275 The advantage of NFS today is that it is mature, standard, well understood,
276 and supported robustly across a variety of platforms.
277 </p>
278
279 <pre caption="Ebuilds for NFS-support">
280 # <i>emerge -p nfs-utils portmap</i>
281 # <i>emerge nfs-utils portmap</i>
282 </pre>
283
284 <p>
285 Configure and install a kernel to support NFS v3 on all nodes:
286 </p>
287
288 <pre caption="Required Kernel Configurations for NFS">
289 CONFIG_NFS_FS=y
290 CONFIG_NFSD=y
291 CONFIG_SUNRPC=y
292 CONFIG_LOCKD=y
293 CONFIG_NFSD_V3=y
294 CONFIG_LOCKD_V4=y
295 </pre>
296
297 <p>
298 On the master node, edit your <path>/etc/hosts.allow</path> file to allow
299 connections from slave nodes. If your cluster LAN is on 192.168.1.0/24,
300 your <path>hosts.allow</path> will look like:
301 </p>
302
303 <pre caption="hosts.allow">
304 portmap:192.168.1.0/255.255.255.0
305 </pre>
306
307 <p>
308 Edit the <path>/etc/exports</path> file of the master node to export a work
309 directory struture (/home is good for this).
310 </p>
311
312 <pre caption="/etc/exports">
313 /home/ *(rw)
314 </pre>
315
316 <p>
317 Add nfs to your master node's default runlevel:
318 </p>
319
320 <pre caption="Adding NFS to the default runlevel">
321 # <i>rc-update add nfs default</i>
322 </pre>
323
324 <p>
325 To mount the nfs exported filesystem from the master, you also have to
326 configure your salve nodes' <path>/etc/fstab</path>. Add a line like this
327 one:
328 </p>
329
330 <pre caption="/etc/fstab">
331 master:/home/ /home nfs rw,exec,noauto,nouser,async 0 0
332 </pre>
333
334 <p>
335 You'll also need to set up your nodes so that they mount the nfs filesystem by
336 issuing this command:
337 </p>
338
339 <pre caption="Adding nfsmount to the default runlevel">
340 # <i>rc-update add nfsmount default</i>
341 </pre>
342
343 </body>
344 </section>
345 <section>
346 <title>RSH/SSH</title>
347 <body>
348
349 <p>
350 SSH is a protocol for secure remote login and other secure network services
351 over an insecure network. OpenSSH uses public key cryptography to provide
352 secure authorization. Generating the public key, which is shared with remote
353 systems, and the private key which is kept on the local system, is done first
354 to configure OpenSSH on the cluster.
355 </p>
356
357 <p>
358 For transparent cluster usage, private/public keys may be used. This process
359 has two steps:
360 </p>
361
362 <ul>
363 <li>Generate public and private keys</li>
364 <li>Copy public key to slave nodes</li>
365 </ul>
366
367 <p>
368 For user based authentification, general and copy as follows:
369 </p>
370
371 <pre caption="SSH key authentication">
372 # <i>ssh-keygen -t dsa</i>
373 Generating public/private dsa key pair.

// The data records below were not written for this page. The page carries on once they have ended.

(* Let $R$ be a ring (associative with identity) and let $F$ be a free right $R$-module isomorphic to the direct sum of $\alpha$ copies of $R$, where $\alpha\geq 2$ is a (finite or infinite) cardinal number. Then the endomorphism ring $\mathrm{End}_R(F)$ is 2-clean.
   Context: For a positive integer $n$, an element $a$ of a ring $S$ is called $n$-clean if $a=e+u_1+\cdots+u_n$ for some idempotent $e=e^2\in S$ and units $u_1,\dots,u_n$ of $S$; a ring is $n$-clean if each of its elements is $n$-clean. All rings are associative with identity and modules are unitary. *)

From mathcomp Require Import all_boot all_order all_algebra.
Set Implicit Arguments. Unset Strict Implicit. Unset Printing Implicit Defensive.
Import GRing.Theory.
Local Open Scope ring_scope.

(* The free right R-module R^(I) = direct sum of |I| copies of R, realised as
   finitely supported functions I -> R, with right scalar multiplication
   (x r)_i = x_i r. *)
Section FreeModule.
Variables (R : pzRingType) (I : Type).

Definition fsupp (x : I -> R) : Prop :=
  exists n (g : 'I_n -> I), forall i, x i <> 0 -> exists k, g k = i.

Lemma fsupp0 : fsupp (fun _ => 0).
Proof. by exists 0%N, (fun k : 'I_0 => False_rect I (notF (ltn_ord k))). Qed.

Lemma fsupp_add x y : fsupp x -> fsupp y -> fsupp (fun i => x i + y i).
Proof.
move=> [n [g Hg]] [m [h Hh]].
exists (n + m)%N, (fun k => match split k with inl a => g a | inr b => h b end).
move=> i Hi.
have [Hx|Hx] := boolP (x i == 0).
- have Hy : y i <> 0 by move: Hi; rewrite (eqP Hx) add0r.
  have [k <-] := Hh i Hy; exists (unsplit (inr k)); by rewrite unsplitK.
- have [k <-] := Hg i (elimN eqP Hx); exists (unsplit (inl k)); by rewrite unsplitK.
Qed.

Lemma fsupp_scale x (r : R) : fsupp x -> fsupp (fun i => x i * r).
Proof.
move=> [n [g Hg]]; exists n, g => i Hi; apply: Hg => Hx; apply: Hi.
by rewrite Hx mul0r.
Qed.

Definition free_mod := {x : I -> R | fsupp x}.

Definition addF (x y : free_mod) : free_mod :=
  exist _ (fun i => sval x i + sval y i) (fsupp_add (proj2_sig x) (proj2_sig y)).

Definition scaleF (x : free_mod) (r : R) : free_mod :=
  exist _ (fun i => sval x i * r) (fsupp_scale r (proj2_sig x)).

(* The ring End_R(R^(I)) has addition
   (f + g) x = f x + g x, multiplication given by composition, identity id. *)
Definition is_endo (f : free_mod -> free_mod) : Prop :=
  (forall x y, f (addF x y) = addF (f x) (f y)) /\
  (forall x r, f (scaleF x r) = scaleF (f x) r).

Definition endo_idempotent (e : free_mod -> free_mod) : Prop :=
  is_endo e /\ forall x, e (e x) = e x.

Definition endo_unit (u : free_mod -> free_mod) : Prop :=
  is_endo u /\ exists v, is_endo v /\ (forall x, u (v x) = x) /\ (forall x, v (u x) = x).

Definition endo_n_clean (n : nat) (f : free_mod -> free_mod) : Prop :=
  exists (e : free_mod -> free_mod) (u : 'I_n -> free_mod -> free_mod),
    endo_idempotent e /\ (forall k, endo_unit (u k)) /\
    forall x, f x = foldr (fun k acc => addF (u k x) acc) (e x) (enum 'I_n).

Definition End_free_n_clean (n : nat) : Prop :=
  forall f, is_endo f -> endo_n_clean n f.

End FreeModule.

(* Call a frame in a ring S a triple of orthogonal idempotents
   p, j, k with p + j + k = 1, together with s in pSj and t in jSp such that
   st = p and ts = j, and g in jSk and h in kSj such that hg = k.  Since
   |I| >= 2, a maximal matching of I (Zorn) is nonempty and leaves at most one
   index unmatched; so I = P + J + K with P, J the two matched sides and
   |K| <= 1, and coordinate projections and 0/1 matrices give a frame in
   End(R^(I)).

   In a ring with a frame, let q = j + k.  For b in kSk the unit
   (1 + bh)(1 + g) fixes p and has kk-corner k + b; for a in pSp and y in qSq
   with kyk = k, (1 + as)(s + t + y) is a unit since
   s + t + y = (1 + yt)(1 + jyk)(s + t + k) and (s + t + k)^2 = 1.  Reading
   a, b, y and the qp-part off f, the two units u1, u2 add up to f - p on the
   column p and to f on the row q; hence e = f - u2 - u1 satisfies ep = p and
   qe = 0, so it is idempotent. *)

From HB Require Import structures.
From mathcomp Require Import all_boot all_order all_algebra.
From mathcomp Require Import boolp classical_sets.
Set Implicit Arguments. Unset Strict Implicit. Unset Printing Implicit Defensive.
Import GRing.Theory.
Local Open Scope ring_scope.

Section Invertible.
Variable T : pzRingType.

Definition invertible (u : T) := exists v, u * v = 1 /\ v * u = 1.

Lemma invertibleM a b : invertible a -> invertible b -> invertible (a * b).
Proof.
move=> [a' [aa' a'a]] [b' [bb' b'b]]; exists (b' * a'); split.
- by rewrite mulrA -(mulrA a) bb' mulr1 aa'.
- by rewrite mulrA -(mulrA b') a'a mulr1 b'b.
Qed.

Lemma invertible_unipotent n : n * n = 0 -> invertible (1 + n).
Proof.
move=> nn; exists (1 - n); split.
- by rewrite mulrDl mul1r mulrBr mulr1 nn subr0 subrK.
- by rewrite mulrBl mul1r mulrDr mulr1 nn addr0 addrK.
Qed.

Lemma invertible_involution u : u * u = 1 -> invertible u.
Proof. by exists u. Qed.

End Invertible.

Section Frame.
Variables (T : pzRingType) (p j k s t g h : T).
Hypotheses (pp : p * p = p) (jj : j * j = j) (kk : k * k = k)
  (pj : p * j = 0) (jp : j * p = 0) (pk : p * k = 0) (kp : k * p = 0)
  (jk : j * k = 0) (kj : k * j = 0) (pjk : p + j + k = 1)
  (ps : p * s = s) (sj : s * j = s) (jt : j * t = t) (tp : t * p = t)
  (st : s * t = p) (ts : t * s = j)
  (jg : j * g = g) (gk : g * k = g) (hj : h * j = h) (hg : h * g = k).

Local Notation q := (j + k).

Let pq : p * q = 0. Proof. by rewrite mulrDr pj pk addr0. Qed.
Let qp : q * p = 0. Proof. by rewrite mulrDl jp kp addr0. Qed.
Let qq : q * q = q. Proof. by rewrite mulrDl !mulrDr jj jk kj kk addr0 add0r. Qed.
Let pDq : p + q = 1. Proof. by rewrite addrA. Qed.
Let qk : q * k = k. Proof. by rewrite mulrDl jk kk add0r. Qed.
Let kq : k * q = k. Proof. by rewrite mulrDr kj kk add0r. Qed.
Let sp : s * p = 0. Proof. by rewrite -sj -mulrA jp mulr0. Qed.
Let sk : s * k = 0. Proof. by rewrite -sj -mulrA jk mulr0. Qed.
Let ks : k * s = 0. Proof. by rewrite -ps mulrA kp mul0r. Qed.
Let qs : q * s = 0. Proof. by rewrite -ps mulrA qp mul0r. Qed.
Let tj : t * j = 0. Proof. by rewrite -tp -mulrA pj mulr0. Qed.
Let tk : t * k = 0. Proof. by rewrite -tp -mulrA pk mulr0. Qed.
Let kt : k * t = 0. Proof. by rewrite -jt mulrA kj mul0r. Qed.
Let qt : q * t = t. Proof. by rewrite mulrDl jt kt addr0. Qed.
Let s2 : s * s = 0. Proof. by rewrite -{2}ps mulrA sp mul0r. Qed.
Let t2 : t * t = 0. Proof. by rewrite -{2}jt mulrA tj mul0r. Qed.
Let gj : g * j = 0. Proof. by rewrite -gk -mulrA kj mulr0. Qed.
Let g2 : g * g = 0. Proof. by rewrite -{2}jg mulrA gj mul0r. Qed.
Let pg : p * g = 0. Proof. by rewrite -jg mulrA pj mul0r. Qed.
Let kg : k * g = 0. Proof. by rewrite -jg mulrA kj mul0r. Qed.
Let gp : g * p = 0. Proof. by rewrite -gk -mulrA kp mulr0. Qed.
Let hp : h * p = 0. Proof. by rewrite -hj -mulrA jp mulr0. Qed.
Let hk : h * k = 0. Proof. by rewrite -hj -mulrA jk mulr0. Qed.

Lemma swap_involutive : (s + t + k) * (s + t + k) = 1.
Proof.
by rewrite !mulrDl !mulrDr s2 st sk ts t2 tk ks kt kk !add0r !addr0.
Qed.

Lemma invertible_swapD y : p * y = 0 -> y * p = 0 -> k * y * k = k ->
  invertible (s + t + y).
Proof.
move=> py yp kyk.
have yE : y = y * j + (j * y * k + k).
  have yq : y = y * q by rewrite -[LHS]mulr1 -pDq mulrDr yp add0r.
  have ykE : y * k = j * y * k + k.
    by rewrite -[y * k]mul1r -pDq !mulrDl !mulrA py mul0r add0r kyk.
  by rewrite {1}yq mulrDr ykE.
have factor_jyk : (1 + j * y * k) * (s + t + k) = s + t + k + j * y * k.
  by rewrite mulrDl mul1r -!mulrA !(mulrDr k) ks kt kk !add0r.
have factor_yt :
    (1 + y * t) * (s + t + k + j * y * k) = s + t + k + j * y * k + y * j.
  by rewrite mulrDl mul1r -!mulrA !(mulrDr t) ts t2 tk (mulrA t j) tj mul0r !addr0.
have -> : s + t + y = (1 + y * t) * ((1 + j * y * k) * (s + t + k)).
  by rewrite factor_jyk factor_yt {1}yE [y * j + _]addrC [j * y * k + k]addrC !addrA.
have ty : t * y = 0 by rewrite -tp -mulrA py mulr0.
apply: invertibleM.
  by apply: invertible_unipotent; rewrite -mulrA (mulrA t) ty mul0r mulr0.
apply: invertibleM; last exact: invertible_involution swap_involutive.
by apply: invertible_unipotent; rewrite !mulrA -(mulrA (j * y) k j) kj mulr0 !mul0r.
Qed.

Lemma exists_unit_swap a y : p * a = a -> a * p = a ->
  p * y = 0 -> y * p = 0 -> k * y * k = k ->
  exists u, [/\ invertible u, u * p = t + a & q * u = t + y].
Proof.
move=> pa ap py yp kyk; exists ((1 + a * s) * (s + t + y)); split.
- apply: invertibleM; last exact: invertible_swapD.
  have sa : s * a = 0 by rewrite -pa mulrA sp mul0r.
  by apply: invertible_unipotent; rewrite -mulrA (mulrA s) sa mul0r mulr0.
- by rewrite -mulrA !mulrDl sp tp yp add0r addr0 mul1r -mulrA st ap.
have qa : q * a = 0 by rewrite -pa mulrA qp mul0r.
have qy : q * y = y by rewrite -[RHS]mul1r -pDq [RHS]mulrDl py add0r.
by rewrite mulrA [q * (1 + _)]mulrDr mulr1 mulrA qa mul0r addr0 !(mulrDr q) qs qt qy add0r.
Qed.

Lemma exists_unit_corner b : k * b = b -> b * k = b ->
  exists v, [/\ invertible v, v * p = p, p * v = p & k * v * k = k + b].
Proof.
move=> kb bk; exists ((1 + b * h) * (1 + g)); split.
- apply: invertibleM; last exact: invertible_unipotent g2.
  have hb : h * b = 0 by rewrite -kb mulrA hk mul0r.
  by apply: invertible_unipotent; rewrite -mulrA (mulrA h) hb mul0r mulr0.
- by rewrite -mulrA [(1 + g) * p]mulrDl mul1r gp addr0 mulrDl mul1r -mulrA hp mulr0 addr0.
- have pb : p * b = 0 by rewrite -kb mulrA pk mul0r.
  by rewrite mulrA [p * (1 + _)]mulrDr mulr1 mulrA pb mul0r addr0 mulrDr mulr1 pg addr0.
rewrite mulrA [k * (1 + _)]mulrDr mulr1 mulrA kb -mulrA [(1 + g) * k]mulrDl.
by rewrite mul1r gk mulrDr !mulrDl kk kg -!mulrA hk hg bk mulr0 addr0 add0r.
Qed.

Lemma frame_two_clean f : exists e u1 u2 : T,
  e * e = e /\ invertible u1 /\ invertible u2 /\ f = e + u1 + u2.
Proof.
move bE : (k * f * k - k - k) => b.
have kb : k * b = b by rewrite -bE !mulrBr !mulrA kk.
have bk : b * k = b by rewrite -bE !mulrBl -mulrA kk.
have [v [v_inv vp pv kvk]] := exists_unit_corner kb bk.
move yE : (q * f * q - q * v * q) => y.
have yp : y * p = 0 by rewrite -yE mulrBl -!mulrA qp !mulr0 subr0.
have py : p * y = 0 by rewrite -yE mulrBr !mulrA pq !mul0r subr0.
have kyk : k * y * k = k.
  by rewrite -yE mulrBr mulrBl !mulrA kq -!mulrA qk !mulrA kvk -bE [k + _]addrC subrK subKr.
move aE : (p * f * p - p - p) => a.
have pa : p * a = a by rewrite -aE !mulrBr !mulrA pp.
have ap : a * p = a by rewrite -aE !mulrBl -mulrA pp.
have [u1 [u1_inv u1p qu1]] := exists_unit_swap pa ap py yp kyk.
move cE : (q * f * p - t) => c.
have cp : c * p = c by rewrite -cE mulrBl -mulrA pp tp.
have qc : q * c = c by rewrite -cE mulrBr !mulrA qq qt.
have pc : p * c = 0 by rewrite -qc mulrA pq mul0r.
have u2_inv : invertible ((1 + c) * v).
  by apply: invertibleM v_inv; apply: invertible_unipotent; rewrite -{1}cp -mulrA pc mulr0.
move u2E : ((1 + c) * v) => u2 in u2_inv.
have u2p : u2 * p = p + c by rewrite -u2E -mulrA vp mulrDl mul1r cp.
have qu2 : q * u2 = q * v * q + c.
  have qv : q * v = q * v * q by rewrite -{1}[q * v]mulr1 -pDq mulrDr -mulrA vp qp add0r.
  have cv : c * v = c by rewrite -cp -mulrA pv.
  by rewrite -u2E mulrA [q * (1 + _)]mulrDr mulr1 qc [(q + c) * v]mulrDl cv -qv.
have fp : f * p = a + p + p + (c + t) by rewrite -aE -cE !subrK -!mulrDl pDq mul1r.
have qf : q * f = c + t + (y + q * v * q) by rewrite -cE -yE !subrK -!mulrDr pDq mulr1.
exists (f - u2 - u1), u1, u2; split; last by rewrite !subrK.
have ep : (f - u2 - u1) * p = p.
  rewrite !mulrBl fp u1p u2p.
  by rewrite [a + p + p + _](@GRing.add T).[AC (3*2) ((2*(5*1))*(3*4))] !addrK.
have qe : q * (f - u2 - u1) = 0.
  rewrite !mulrBr qf qu1 qu2.
  by rewrite [c + t + _](@GRing.add T).[AC (2*2) ((2*3)*(4*1))] addrK subrr.
have pe : p * (f - u2 - u1) = f - u2 - u1 by rewrite -[RHS]mul1r -pDq mulrDl qe addr0.
by rewrite -{2}pe mulrA ep pe.
Qed.
End Frame.

Inductive role := InP | InJ | InK.

Definition role_eqb (r r' : role) :=
  match r, r' with InP, InP | InJ, InJ | InK, InK => true | _, _ => false end.

Lemma role_eqP : Equality.axiom role_eqb.
Proof. by case; case; constructor. Qed.

HB.instance Definition _ := hasDecEq.Build role role_eqP.

Section Matching.
Variable I : Type.
Implicit Types A B : set (I * I).
Local Open Scope classical_set_scope.

Definition matching A :=
  [/\ forall i l l', A (i, l) -> A (i, l') -> l = l',
      forall i i' l, A (i, l) -> A (i', l) -> i = i' &
      forall i l l', A (i, l) -> A (l', i) -> False].

Definition maximal_matching A := matching A /\ forall B, A `<` B -> ~ matching B.

Lemma exists_maximal_matching : exists A, maximal_matching A.
Proof.
apply: Zorn_bigcup => F F_match F_chain.
have common z w : (\bigcup_(X in F) X) z -> (\bigcup_(X in F) X) w ->
    exists2 Z, matching Z & Z z /\ Z w.
  move=> [X FX Xz] [Y FY Yw]; case: (F_chain X Y FX FY) => [XY|YX].
    by exists Y; [exact: F_match | split=> //; apply: XY].
  by exists X; [exact: F_match | split=> //; apply: YX].
split=> [i l l'|i i' l|i l l'] /common /[apply] -[Z [Zf Zi Zd] [Za Zb]];
  [exact: Zf Za Zb | exact: Zi Za Zb | exact: Zd Za Zb].
Qed.

Definition unmatched A u := ~ (exists l, A (u, l)) /\ ~ (exists l, A (l, u)).

Lemma maximal_matching_unmatched A u v :
  maximal_matching A -> unmatched A u -> unmatched A v -> u = v.
Proof.
move=> [[Af Ai Ad] Amax] [uS uT] [vS vT]; apply: contrapT => uv.
apply: (Amax (fun z => A z \/ z.1 = u /\ z.2 = v)).
  split=> [z Az|]; first by left.
  by move=> /(_ (u, v) (or_intror (conj erefl erefl))) Auv; apply: uS; exists v.
split.
- move=> i l l' [Ail|[/= -> ->]] [Ail'|[/= iu ->]] //; first exact: Af Ail Ail'.
  + by case: uS; exists l; rewrite -iu.
  + by case: uS; exists l'.
- move=> i i' l [Ail|[/= -> lv]] [Ai'l|[/= -> lv']] //; first exact: Ai Ail Ai'l.
  + by case: vT; exists i; rewrite -lv'.
  + by case: vT; exists i'; rewrite -lv.
- move=> i l l' [Ail|[/= iu lv]] [Al'i|[/= l'u iv]]; first exact: Ad Ail Al'i.
  + by case: vS; exists l; rewrite -iv.
  + by case: uT; exists l'; rewrite -iu.
  + by apply: uv; rewrite -iu iv.
Qed.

374 Enter file in which to save the key (/root/.ssh/id_dsa): /root/.ssh/id_dsa
375 Enter passphrase (empty for no passphrase):
376 Enter same passphrase again:
377 Your identification has been saved in /root/.ssh/id_dsa.
378 Your public key has been saved in /root/.ssh/id_dsa.pub.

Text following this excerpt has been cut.